These are the bigger questions which are not finding answers in the sensationalised reporting by the media. Media is interested in sensationalizing, osbcuring common sense and highlighting fraud without explanation, as laid out in the above questions. And hence, the degree of the problem of this scam significantly and substantially varies from actual degree depending on the answers to the above questions.
What do we learn from Nirav Modi’s scam?
In India, what we have is ‘Savarna Capitalism’. Large sections of the entrepreneurs are from feudal background like landlords, traders, construction contractors, arrack sellers etc turning into capitalists. The baggage they carry into the business is too heavy and the network is nearly closely knitted restricting the social capital to a few upper class and caste sections. This structurally builds entry barriers for marginalized castes to join the league. The Savarna Capitalists, largely, are closely networked irrespective of the political party affiliations. Mallya, Deccan Chronicle Venkatrami Reddy, Nirav Modi etc are just in line with the same fashion of business and the underlying confidence in defaulting to banks is of same category. The Savarna Capitalists learnt in their lives that the system can be leveraged to their favour using their social capital and thus dishonesty has turned out be a way of life for many. The capitalists who have a visible and fairly assured business ahead have contained their temptation to default killing the golden goose. The default – which is determined by ability, willingness and affordability – is a general culture in large enterprises. Essar group Ruias have been consistently topping the chart in the history of economy and banking scams. They were the largest defaulters of IDBI in the late 1990s and still managed to raise large loans all over and kept defaulting in the banking system.

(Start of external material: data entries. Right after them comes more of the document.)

(* Let $(\vec u,\vec B)$ and $(\vec t,\vec C)$ be proper factorization patterns over $A$, and let $(v_n)_n$, $(w_n)_n$ be sequences of words such that $(v_n)_n$ is $(\vec u,\vec B)$-adequate, $(w_n)_n$ is $(\vec t,\vec C)$-adequate, and $v_n\sim_n w_n$ for every $n\ge0$. Then $\vec u=\vec t$ and $\vec B=\vec C$.
   Context: For $B\subseteq A$, $B^{\circledast}$ is the set of words over $B$ in which every symbol of $B$ occurs. A factorization pattern is $(\vec u,\vec B)$ with $\vec u=(u_0,\dots,u_p)\in(A^* )^{p+1}$, $\vec B=(B_1,\dots,B_p)$ nonempty subsets of $A$, $p\ge0$; $L(\vec u,\vec B,n)=u_0(B_1^{\circledast})^nu_1\cdots(B_p^{\circledast})^nu_p$; $(w_n)_n$ is $(\vec u,\vec B)$-adequate if $w_n\in L(\vec u,\vec B,n)$ for all $n$. The pattern is proper if (i) for all $i=0,\dots,p-1$ the last symbol of $u_i$ (if $u_i$ nonempty) is not in $B_{i+1}$, and for all $i=1,\dots,p$ the first symbol of $u_i$ (if nonempty) is not in $B_i$; and (ii) for all $i=1,\dots,p-1$, if $u_i=\varepsilon$ then $B_i\not\subseteq B_{i+1}$ and $B_{i+1}\not\subseteq B_i$. For words $v,w$, $v\sim_n w$ means that $v$ and $w$ have the same subwords (subsequences) of length at most $n$. *)

From mathcomp Require Import all_boot.
Set Implicit Arguments. Unset Strict Implicit. Unset Printing Implicit Defensive.

Section Patterns.
Variable A : finType.

Definition full_star (B : {set A}) (w : seq A) : bool :=
  all (fun a => a \in B) w && [forall b in B, b \in w].

Definition in_pow (B : {set A}) (n : nat) (w : seq A) : Prop :=
  exists ws : seq (seq A),
    [/\ size ws = n, all (full_star B) ws & w = flatten ws].

(* A factorization pattern is (u, B) with u = [:: u_0; ...; u_p] and
   B = [:: B_1; ...; B_p] (0-based lists: B_i is nth set0 B (i-1)).
   inL B u n w  <->  w \in u_0 (B_1^circledast)^n u_1 ... (B_p^circledast)^n u_p. *)
Fixpoint inL (B : seq {set A}) (u : seq (seq A)) (n : nat) (w : seq A) : Prop :=
  match B, u with
  | [::], [:: u0] => w = u0
  | b :: B', u0 :: u' =>
      exists x r, [/\ w = u0 ++ x ++ r, in_pow b n x & inL B' u' n r]
  | _, _ => False
  end.

Definition L (u : seq (seq A)) (B : seq {set A}) (n : nat) (w : seq A) : Prop :=
  inL B u n w.

Definition is_pattern (u : seq (seq A)) (B : seq {set A}) : Prop :=
  size u = (size B).+1 /\ forall i, i < size B -> nth set0 B i != set0.

(* proper pattern; indices 0-based on lists, comments use paper's indices *)
Definition proper_pattern (u : seq (seq A)) (B : seq {set A}) : Prop :=
  is_pattern u B /\
  (* (i) last symbol of u_i (i = 0..p-1) is not in B_{i+1} *)
  (forall i, i < size B -> forall (s : seq A) (a : A),
      nth [::] u i = rcons s a -> a \notin nth set0 B i) /\
  (* (i) first symbol of u_i (i = 1..p) is not in B_i *)
  (forall i, 1 <= i <= size B -> forall (a : A) (s : seq A),
      nth [::] u i = a :: s -> a \notin nth set0 B i.-1) /\
  (* (ii) for i = 1..p-1, u_i empty -> B_i, B_{i+1} incomparable *)
  (forall i, 1 <= i < size B -> nth [::] u i = [::] ->
      ~~ (nth set0 B i.-1 \subset nth set0 B i) /\
      ~~ (nth set0 B i \subset nth set0 B i.-1)).

Definition adequate (u : seq (seq A)) (B : seq {set A}) (v : nat -> seq A) : Prop :=
  forall n, L u B n (v n).

Definition simn (n : nat) (v w : seq A) : Prop :=
  forall s : seq A, size s <= n -> subseq s v = subseq s w.

End Patterns.

From mathcomp Require Import all_boot.
Set Implicit Arguments. Unset Strict Implicit. Unset Printing Implicit Defensive.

The happening of Nirav Modi’s scam is actually no surprise and it is just not related to Modi or BJP alone. It is very erroneous to confine this problem only to Modi’s Government. The corporate indiscipline has been well nurtured and groomed by the Savarna capitalists and the enforceability of corporate governance is poor and institutional framework is inadequate. This is founded on the sympathy for the reasonability of taking enterprise risk by the capitalists, in the backdrop of poor economic environment and the in-built inherent challenges they face.
Before we talk about reforms in the banking system, we need to concretely work towards a better business environment and a transparent institutional mechanism. Besides, we should leave the business space open to every sect, category, gender and race of the country leaving scope for equitable development, giving rise to a stronger value system in banking which largely depends on certain belief systems. A dependable and predictable business environment is lacking in India. While this being so, Government is utilising this opportunity of non-performance to build a ground to privatize the banks. Each scam is zoomed and projected like a demon to politically convince the country that there is a logic to privatize the banks.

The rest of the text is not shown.